# Representation: Feature Engineering

## Mapping Raw Data to Features

**Feature engineering** means transforming raw data into feature vectors.

## Mapping numeric values

Integer and floating points can just be directly mapped.

## Mapping categorical values

Categorical features like `street_name` can only be a discrete set of possible values. We need to map them into numeric values.

### Example

**Street names:**  
{'Charleston Road', 'North Shoreline Boulevard', 'Shorebird Way', 'Rengstorff Avenue'}

We map:

- Charleston Road -> 0
- North shoreline Boulevard -> 1
- Shorebird Way -> 2
- Rengstorff Avenue ->
- Everyting else (OOV) -> 4

_OOV: out-of-vocabulary, where the vocabulary is every possible value for the category_

There are some problems with this approach:

1. Unlikely that there is a linear adjustment between the feature `street_name` and the output
2. Some houses might have multiple street names (houses at a corner of a street)
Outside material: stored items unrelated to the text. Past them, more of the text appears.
(* Let $m\ge2$, let $C=\mathrm{diag}(c_1,\dots,c_m)$ be a real diagonal matrix, and let $L(\rho)=-2\,\mathrm{tr}(C\rho)$ on $\dot P_m$, whose gradient system with respect to the quantum SLD Fisher metric is $\frac{d\rho}{dt}=(\rho C+C\rho)-2\,\mathrm{tr}(\rho C)\rho$. Let $\Lambda(w)=-\frac12w^TCw$ on $\mathcal S_m$, with gradient $\mathrm{grad}\,\Lambda(w)=-Cw+(w^TCw)w$ (so that $\frac{dw}{dt}=-\mathrm{grad}\,\Lambda(w)=Cw-(w^TCw)w$ is the averaged learning equation of Hebb type), and let $\mu_\ast\mathrm{grad}\,\Lambda$ be the vector field on $\mathcal D_m$ defined by $\mu_\ast\mathrm{grad}\,\Lambda(\mu(w))=\mu_{\ast,w}(\mathrm{grad}\,\Lambda(w))$ for $w\in\mathcal S_m$. Then for every $\Theta\in\mathcal D_m$, $$\mathrm{grad}\,L(\Theta)=\mu_\ast\mathrm{grad}\,\Lambda(\Theta).$$
   Context: $\mathcal S_m=\{w\in\mathbf R^m:\|w\|=1,\ w_k\ne0\ \forall k\}$ with $T_w\mathcal S_m=\{u:w^Tu=0\}$ and metric $u^Tu'$; $\mathcal D_m=\{\mathrm{diag}(\theta_1,\dots,\theta_m):\sum\theta_k=1,\theta_k>0\}\subset\dot P_m$; $\mu:\mathcal S_m\to\mathcal D_m$, $\mu(w)=\mathrm{diag}(w_1^2,\dots,w_m^2)$, with differential $\mu_{\ast,w}(u)=2\,\mathrm{diag}(w_1u_1,\dots,w_mu_m)$. (The vector field $\mu_\ast\mathrm{grad}\,\Lambda$ is well defined since $\mu(w)=\mu(w')$ iff $w'$ is obtained from $w$ by coordinate sign changes, under which $\mathrm{grad}\,\Lambda$ is equivariant.) $\dot P_m$ is the set of $m\times m$ complex Hermitian positive definite trace-one matrices, $T_\rho\dot P_m$ the Hermitian traceless matrices. The SLD $\mathcal L_\rho(\Xi)$ is the Hermitian solution of $\frac12(\rho\mathcal L_\rho(\Xi)+\mathcal L_\rho(\Xi)\rho)=\Xi$; the quantum SLD Fisher metric is $\langle\Xi,\Xi'\rangle_\rho=\frac12\mathrm{tr}[\rho(\mathcal L_\rho(\Xi)\mathcal L_\rho(\Xi')+\mathcal L_\rho(\Xi')\mathcal L_\rho(\Xi))]$. The gradient $\mathrm{grad}\,L(\rho)\in T_\rho\dot P_m$ is defined by $\langle\mathrm{grad}\,L(\rho),\Xi\rangle_\rho=\frac{d}{d\tau}\big|_{\tau=0}L(r(\tau))$ for every smooth curve $r$ in $\dot P_m$ with $r(0)=\rho$, $r'(0)=\Xi$. *)

From mathcomp Require Import all_boot all_order all_algebra.
From mathcomp Require Import all_classical all_reals all_analysis.
From mathcomp Require Import complex.
Import Order.TTheory GRing.Theory Num.Theory.
Set Implicit Arguments. Unset Strict Implicit. Unset Printing Implicit Defensive.
Local Open Scope ring_scope.
Local Open Scope complex_scope.

Definition cmx (R : realType) (m n : nat) (A : 'M[R]_(m, n)) : 'M[R[i]]_(m, n) :=
  map_mx (fun x => x%:C) A.

Definition adjmx (R : realType) (m n : nat) (A : 'M[R[i]]_(m, n)) : 'M[R[i]]_(n, m) :=
  (map_mx conjc A)^T.

Definition hermitian (R : realType) (m : nat) (A : 'M[R[i]]_m) : Prop :=
  adjmx A = A.

Definition inP (R : realType) (m : nat) (rho : 'M[R[i]]_m) : Prop :=
  [/\ hermitian rho,
      (forall v : 'cV[R[i]]_m, v != 0 -> 0 < (adjmx v *m rho *m v) 0 0)
    & \tr rho = 1].

Definition tangentP (R : realType) (m : nat) (Xi : 'M[R[i]]_m) : Prop :=
  hermitian Xi /\ \tr Xi = 0.

(* symmetric logarithmic derivative: the Hermitian solution X of
   (rho X + X rho)/2 = Xi  (unique for rho in \dot P_m) *)
Definition SLD (R : realType) (m : nat) (rho Xi : 'M[R[i]]_m) : 'M[R[i]]_m :=
  xget 0 [set X : 'M[R[i]]_m | hermitian X /\
                 (2%:R^-1 : R[i]) *: (rho *m X + X *m rho) = Xi]%classic.

Definition qfisher (R : realType) (m : nat) (rho Xi Xi' : 'M[R[i]]_m) : R[i] :=
  2%:R^-1 * \tr (rho *m (SLD rho Xi *m SLD rho Xi' + SLD rho Xi' *m SLD rho Xi)).

Definition smooth_on (R : realType) (I : set R) (f : R -> R) : Prop :=
  forall (n : nat) (x : R), I x -> derivable (iter n (@derive1 R R) f) x 1.

Definition smooth_curve_through (R : realType) (m : nat) (r : R -> 'M[R[i]]_m)
    (e : R) (rho Xi : 'M[R[i]]_m) : Prop :=
  [/\ 0 < e,
      (forall t : R, `]-e, e[%classic t -> inP (r t)),
      (forall i j, smooth_on `]-e, e[%classic (fun t => complex.Re (r t i j)) /\
                   smooth_on `]-e, e[%classic (fun t => complex.Im (r t i j))),
      r 0 = rho
    & (forall i j, derive1 (fun t => complex.Re (r t i j)) 0 = complex.Re (Xi i j) /\
                   derive1 (fun t => complex.Im (r t i j)) 0 = complex.Im (Xi i j))].

Definition is_qgrad (R : realType) (m : nat) (L : 'M[R[i]]_m -> R)
    (rho G : 'M[R[i]]_m) : Prop :=
  tangentP G /\
  forall (r : R -> 'M[R[i]]_m) (e : R) (Xi : 'M[R[i]]_m),
    smooth_curve_through r e rho Xi ->
    derivable (fun t => L (r t)) 0 1 /\
    (derive1 (fun t => L (r t)) 0)%:C = qfisher rho G Xi.

(* L(rho) = -2 tr(C rho) (real for Hermitian rho; we take the real part) *)
Definition Lqobj (R : realType) (m : nat) (C : 'M[R]_m) (rho : 'M[R[i]]_m) : R :=
  - 2%:R * complex.Re (\tr (cmx C *m rho)).

Definition inS (R : realType) (m : nat) (w : 'cV[R]_m) : Prop :=
  (w^T *m w) 0 0 = 1 /\ forall k, w k 0 != 0.

Definition inD (R : realType) (m : nat) (Theta : 'M[R]_m) : Prop :=
  [/\ is_diag_mx Theta, (forall k, 0 < Theta k k) & \tr Theta = 1].

Definition mu (R : realType) (m : nat) (w : 'cV[R]_m) : 'M[R]_m :=
  diag_mx (\row_k (w k 0 ^+ 2)).

Definition mu_star (R : realType) (m : nat) (w u : 'cV[R]_m) : 'M[R]_m :=
  diag_mx (\row_k (2%:R * (w k 0 * u k 0))).

Definition Lambda (R : realType) (m : nat) (C : 'M[R]_m) (w : 'cV[R]_m) : R :=
  - 2%:R^-1 * (w^T *m C *m w) 0 0.
Definition gradLambda (R : realType) (m : nat) (C : 'M[R]_m) (w : 'cV[R]_m) : 'cV[R]_m :=
  - (C *m w) + (w^T *m C *m w) 0 0 *: w.

From Pilot Require Import Defs.
From mathcomp Require Import all_boot all_order all_algebra.
From mathcomp Require Import all_classical all_reals all_analysis.
From mathcomp Require Import complex.
From mathcomp Require Import ring lra.
Import Order.TTheory GRing.Theory Num.Theory.
Set Implicit Arguments. Unset Strict Implicit. Unset Printing Implicit Defensive.
Local Open Scope ring_scope.
Local Open Scope complex_scope.

(* At a diagonal state rho = diag(theta) the SLD equation decouples entrywise,
   L_rho(Xi)_ij = 2 Xi_ij / (theta_i + theta_j), so the Fisher metric against a
   diagonal G = diag(g) reduces to sum_k g_k Xi_kk / theta_k.  Since
   dL(Xi) = -2 sum_k c_k Xi_kk and sum_k Xi_kk = 0 on tangent vectors, the
   gradient is diag(2 theta_k (s - c_k)) with s = sum_k c_k theta_k = tr(C rho).
   With theta_k = w_k^2 this is exactly 2 diag(w_k (grad Lambda(w))_k). *)

Lemma Re_sum (R : realType) (I : Type) (s : seq I) (P : pred I) (F : I -> R[i]) :
  complex.Re (\sum_(k <- s | P k) F k) = \sum_(k <- s | P k) complex.Re (F k).
Proof. exact: (raddf_sum (@complex.Re R : Rcomplex R -> R)). Qed.

Lemma cmx_diag (R : realType) (n : nat) (d : 'rV[R]_n) :
  cmx (diag_mx d) = diag_mx (cmx d).
Proof. exact: map_diag_mx. Qed.

Lemma hermitian_cmx_diag (R : realType) (n : nat) (d : 'rV[R]_n) :
  Defs.hermitian (cmx (diag_mx d)).
Proof.
apply/matrixP => i j; rewrite /adjmx /cmx !mxE eq_sym.
by case: eqP => [->|_]; rewrite ?mulr1n ?mulr0n ?conjc_real ?rmorph0.
Qed.

Lemma hermitianE (R : realType) (n : nat) (A : 'M[R[i]]_n) :
  Defs.hermitian A -> forall i j, A i j = conjc (A j i).
Proof. by move=> hA i j; rewrite -[in LHS]hA /adjmx !mxE. Qed.

Lemma hermitian_diag_real (R : realType) (n : nat) (A : 'M[R[i]]_n) k :
  Defs.hermitian A -> A k k = (complex.Re (A k k))%:C.
Proof.
move=> /hermitianE /(_ k k); case: (A k k) => a b /= [hb].
by apply/eqP; rewrite eq_complex /= eqxx; apply/eqP; lra.
Qed.

Section DiagonalState.
Variables (R : realType) (m : nat) (theta : 'rV[R]_m).
Hypothesis theta_gt0 : forall k, 0 < theta 0 k.

Let rho := cmx (diag_mx theta).

Lemma thetaDC_neq0 i j : (theta 0 i)%:C + (theta 0 j)%:C != 0 :> R[i].
Proof. by rewrite -rmorphD fmorph_eq0 gt_eqF // addr_gt0. Qed.

Definition sld_diag (Xi : 'M[R[i]]_m) : 'M[R[i]]_m :=
  \matrix_(i, j) (2 * Xi i j / (theta 0 i + theta 0 j)%:C).

Lemma anticommutator_diagE (X : 'M[R[i]]_m) i j :
  ((2%:R^-1 : R[i]) *: (rho *m X + X *m rho)) i j
    = 2^-1 * (theta 0 i + theta 0 j)%:C * X i j.
Proof. by rewrite /rho cmx_diag mul_diag_mx mul_mx_diag !mxE rmorphD; ring. Qed.

Lemma sld_diagP (Xi : 'M[R[i]]_m) :
  (2%:R^-1 : R[i]) *: (rho *m sld_diag Xi + sld_diag Xi *m rho) = Xi.
Proof.
apply/matrixP => i j; rewrite anticommutator_diagE mxE.
by field; exact: thetaDC_neq0.
Qed.

Lemma sld_diag_uniq (Xi X : 'M[R[i]]_m) :
  (2%:R^-1 : R[i]) *: (rho *m X + X *m rho) = Xi -> X = sld_diag Xi.
Proof.
move=> <-; apply/matrixP => i j; rewrite mxE anticommutator_diagE.
by field; exact: thetaDC_neq0.
Qed.

Lemma hermitian_sld_diag (Xi : 'M[R[i]]_m) :
  Defs.hermitian Xi -> Defs.hermitian (sld_diag Xi).
Proof.
move=> /hermitianE hX; apply/matrixP => i j; rewrite /adjmx !mxE [Xi i j]hX.
rewrite !(rmorphM conjc) (fmorphV conjc) (rmorph_nat conjc) addrC.
by congr (_ * _ / _); exact: conjc_real.
Qed.

Lemma SLD_diag (Xi : 'M[R[i]]_m) : Defs.hermitian Xi -> SLD rho Xi = sld_diag Xi.
Proof.
move=> hX; apply: sld_diag_uniq; rewrite /SLD; set P := (X in xget _ X).
suff [] : P (xget 0 P) by [].
by apply: xgetPex; exists (sld_diag Xi); split;
  [exact: hermitian_sld_diag | exact: sld_diagP].
Qed.

Lemma thetaC_neq0 k : (theta 0 k)%:C != 0 :> R[i].
Proof. by rewrite fmorph_eq0 gt_eqF. Qed.

Lemma sld_diag_diag (g : 'rV[R]_m) :
  sld_diag (cmx (diag_mx g)) = diag_mx (\row_k (g 0 k / theta 0 k)%:C).
Proof.
apply/matrixP => i j; rewrite cmx_diag !mxE eq_sym.
case: eqP => [->|_]; last by rewrite !mulr0n mulr0 mul0r.
by rewrite !mulr1n; field; rewrite thetaC_neq0 thetaDC_neq0.
Qed.

Lemma qfisher_diag (g : 'rV[R]_m) (Xi : 'M[R[i]]_m) : Defs.hermitian Xi ->
  qfisher rho (cmx (diag_mx g)) Xi = \sum_k (g 0 k / theta 0 k)%:C * Xi k k.
Proof.
move=> hX; rewrite /qfisher (SLD_diag hX) (SLD_diag (hermitian_cmx_diag g)).
rewrite sld_diag_diag /mxtrace mulr_sumr; apply: eq_bigr => k _.
rewrite /rho cmx_diag !mul_diag_mx mul_mx_diag !mxE.
by field; rewrite thetaDC_neq0 thetaC_neq0.
Qed.

End DiagonalState.

Section SmoothCurve.
Variables (R : realType) (m : nat) (r : R -> 'M[R[i]]_m) (e : R).
Variables (rho Xi : 'M[R[i]]_m).
Hypothesis hr : smooth_curve_through r e rho Xi.

Lemma curve_near_inP : \forall t \near 0, inP (r t).
Proof.
case: hr => e0 hin _ _ _.
have : \forall t \near 0, t \in `]-e, e[ by apply: near_in_itvoo; rewrite in_itv /= oppr_lt0 e0.
by apply: filterS => t; rewrite inE; exact: hin.
Qed.

Lemma zero_in_curve_domain : `]-e, e[%classic (0 : R).
Proof. by case: hr => e0 _ _ _ _; rewrite /= in_itv /= oppr_lt0 e0. Qed.

Lemma is_derive_curve_Re i j :
  is_derive (0 : R) 1 (fun t => complex.Re (r t i j)) (complex.Re (Xi i j)).
Proof.
case: hr => _ _ hsm _ hder; rewrite -(hder i j).1 derive1E; apply: derivableP.
exact: ((hsm i j).1 0%N 0 zero_in_curve_domain).
Qed.

Lemma curve_tangent_hermitian : Defs.hermitian Xi.
Proof.
have rH : \forall t \near 0, forall i j, r t i j = conjc (r t j i).
  by apply: filterS curve_near_inP => t [/hermitianE].
case: hr => _ _ hsm _ hder; apply/matrixP => i j; rewrite /adjmx !mxE.
have dRe : complex.Re (Xi i j) = complex.Re (Xi j i).
  rewrite -(hder i j).1 -(hder j i).1 !derive1E; apply: near_eq_derive.
  by apply: filterS rH => t /(_ i j) ->; case: (r t j i).
have dIm : complex.Im (Xi i j) = - complex.Im (Xi j i).
  rewrite -(hder i j).2 -(hder j i).2 !derive1E -deriveN; last first.
    exact: ((hsm j i).2 0%N 0 zero_in_curve_domain).
  apply: near_eq_derive; apply: filterS rH => t /(_ i j) ->.
  by rewrite -[RHS]/(- complex.Im (r t j i)); case: (r t j i).
by apply/eqP; rewrite eq_complex dRe dIm; case: (Xi j i) => a b /=; rewrite !eqxx.
Qed.

Lemma is_derive_curve_diag_comb (a : 'I_m -> R) :
  is_derive (0 : R) 1 (fun t => \sum_k a k * complex.Re (r t k k))
    (\sum_k a k * complex.Re (Xi k k)).
Proof.
have := is_derive_sum (fun k => is_deriveZ (a k) (is_derive_curve_Re k k)).
by apply: near_eq_is_derive; apply: filterE => t; rewrite fct_sumE.
Qed.

Lemma curve_tangent_trace : \sum_k complex.Re (Xi k k) = 0.
Proof.
have d1 := is_derive_curve_diag_comb (fun=> 1).
have dcst : is_derive (0 : R) 1 (cst (1 : R)) (\sum_k 1 * complex.Re (Xi k k)).
  apply: near_eq_is_derive d1; apply: filterS curve_near_inP => t [_ _ tr1].
  under eq_bigr do rewrite mul1r.
  by move: (congr1 (@complex.Re R) tr1); rewrite /mxtrace Re_sum => ->.
transitivity (\sum_k 1 * complex.Re (Xi k k)); first by under [RHS]eq_bigr do rewrite mul1r.
by rewrite -(derive_val (is_derive := dcst)) derive_cst.
Qed.

End SmoothCurve.

Lemma Lqobj_diagE (R : realType) (m : nat) (c : 'rV[R]_m) (rho : 'M[R[i]]_m) :
  Lqobj (diag_mx c) rho = \sum_k (-2 * c 0 k) * complex.Re (rho k k).
Proof.
rewrite /Lqobj cmx_diag mul_diag_mx /mxtrace Re_sum mulr_sumr.
by apply: eq_bigr => k _; rewrite !mxE; case: (rho k k) => a b /=; ring.
Qed.

Theorem is_qgrad_Lqobj_diag (R : realType) (m : nat) (c theta : 'rV[R]_m) :
  (forall k, 0 < theta 0 k) -> \sum_k theta 0 k = 1 ->
  let s := \sum_k c 0 k * theta 0 k in
  is_qgrad (Lqobj (diag_mx c)) (cmx (diag_mx theta))
    (cmx (diag_mx (\row_k (2 * theta 0 k * (s - c 0 k))))).
Proof.
move=> theta_gt0 theta1 s; split.
  split; first exact: hermitian_cmx_diag.
  rewrite cmx_diag mxtrace_diag; under eq_bigr do rewrite !mxE.
  rewrite -rmorph_sum /=; congr (_%:C); apply/eqP.
  under eq_bigr do rewrite mulrBr mulrAC.
  rewrite sumrB -mulr_sumr theta1 mulr1 /s mulr_sumr subr_eq0.
  by apply/eqP/eq_bigr => k _; ring.
move=> r e Xi hr; have hX := curve_tangent_hermitian hr.
have dL := is_derive_curve_diag_comb hr (fun k => -2 * c 0 k).
under eq_fun do rewrite Lqobj_diagE; split; first exact: (ex_derive (is_derive := dL)).
rewrite derive1E (derive_val (is_derive := dL)) qfisher_diag //.
under [RHS]eq_bigr do rewrite mxE (hermitian_diag_real _ hX) -rmorphM.
rewrite -(rmorph_sum (real_complex R)); congr (_%:C).
have -> : \sum_k (-2 * c 0 k) * complex.Re (Xi k k)
        = \sum_k 2 * (s - c 0 k) * complex.Re (Xi k k) - 2 * s * \sum_k complex.Re (Xi k k).
  by rewrite mulr_sumr -sumrB; apply: eq_bigr => k _; ring.
rewrite (curve_tangent_trace hr) mulr0 subr0; apply: eq_bigr => k _.
by field; rewrite gt_eqF ?theta_gt0.
Qed.

Lemma mu_star_gradLambda_diag (R : realType) (m : nat) (c : 'rV[R]_m) (w : 'cV[R]_m) :
  mu_star w (gradLambda (diag_mx c) w)
    = diag_mx (\row_k (2 * w k 0 ^+ 2 * (\sum_j c 0 j * w j 0 ^+ 2 - c 0 k))).
Proof.
rewrite /mu_star /gradLambda.
have -> : (w^T *m diag_mx c *m w) 0 0 = \sum_j c 0 j * w j 0 ^+ 2.
  by rewrite mxE; apply: eq_bigr => j _; rewrite mul_mx_diag !mxE; ring.
by apply/matrixP => i j; rewrite mul_diag_mx !mxE; ring.
Qed.

Theorem theorem1 (R : realType) (m : nat) (hm : (2 <= m)%N) (c : 'rV[R]_m)
    (Theta : 'M[R]_m) (hTheta : inD Theta)
    (w : 'cV[R]_m) (hw : inS w) (hmu : mu w = Theta) :
  is_qgrad (Lqobj (diag_mx c)) (cmx Theta)
    (cmx (mu_star w (gradLambda (diag_mx c) w))).
Proof.
pose theta : 'rV[R]_m := \row_k (w k 0 ^+ 2).
have ThetaE : Theta = diag_mx theta by rewrite -hmu.
case: hTheta; rewrite ThetaE mxtrace_diag => _ theta_gt0 theta1.
have theta_gt0' k : 0 < theta 0 k by have := theta_gt0 k; rewrite mxE eqxx mulr1n.
have -> : mu_star w (gradLambda (diag_mx c) w)
    = diag_mx (\row_k (2 * theta 0 k * (\sum_j c 0 j * theta 0 j - c 0 k))).
  rewrite mu_star_gradLambda_diag; congr diag_mx; apply/rowP => k; rewrite !mxE.
  by under [in RHS]eq_bigr do rewrite mxE.
exact: is_qgrad_Lqobj_diag.
Qed.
To fix this, we can create a binary vector instead (called **one-hot encoding**):

- For values that apply to the example, set corresponding vector elements to `1`
- Set all other elements to `0`

_Lenght of this vector is the same as the number of elements in the vocabulary_

### Side Note: Spares Representation

Suppose that you had 1,000,000 different street names in your data set. Createing a vector with 1,000,000 elements would be inefficient. Therefore we can use **sparese representation** which only stores non-zero values

# Qualities of Good Features

## Features values should appear more than 5 times

**Good:**
```
house_type: victorian
```

**Bad:**
```
unique_house_id: 8SK982ZZ1242Z
```

## Clear and obvious meanings for the features

**Good:**
```
house_age_uears: 27
```

**Bad:**
```
house_age: 851472000
```

## Don`t mix "magic" values wit hactual data

If you want to use watch time, and a video hasn't been watched yet. Dont use `-1` as an indicator. Rather create a seperate boolean feature that indicates it

**Good:**
```
watch_time: 52.23
watch_time: 2.89
```

**Bad:**
```
watch_time: -1
```

## Account for upstream instability

The definition of a feature shouldn't change over time. Don't use features that possibly would change.

**Good:**
```
city_id: "br/sao_paulo"
```

_Note: need to be converted to one-hot vector_

**Bad:**
```
inferred_city_clustyer: "219"
```

# Cleaning Data

## Scaling feature values (normalize)

Convert floating-point features to a standard range

_Example:_ from 100-900 to 0-1

## Handling extreme outliers

Can "cap" or "clip" the maximum value. Everything beyond the maximum isn't thrown away, rather is set to the maximum. (Same for minimum)

## Binning

Split data into "bins". Useful when there are no direct linear relationship between the feauter and the label, but the feature is meaningful.

## Scrubbing

A lot of times there would be "bad" data (duplicates, bad labels, bad feature values). Typically "fix" bad examples by removing them.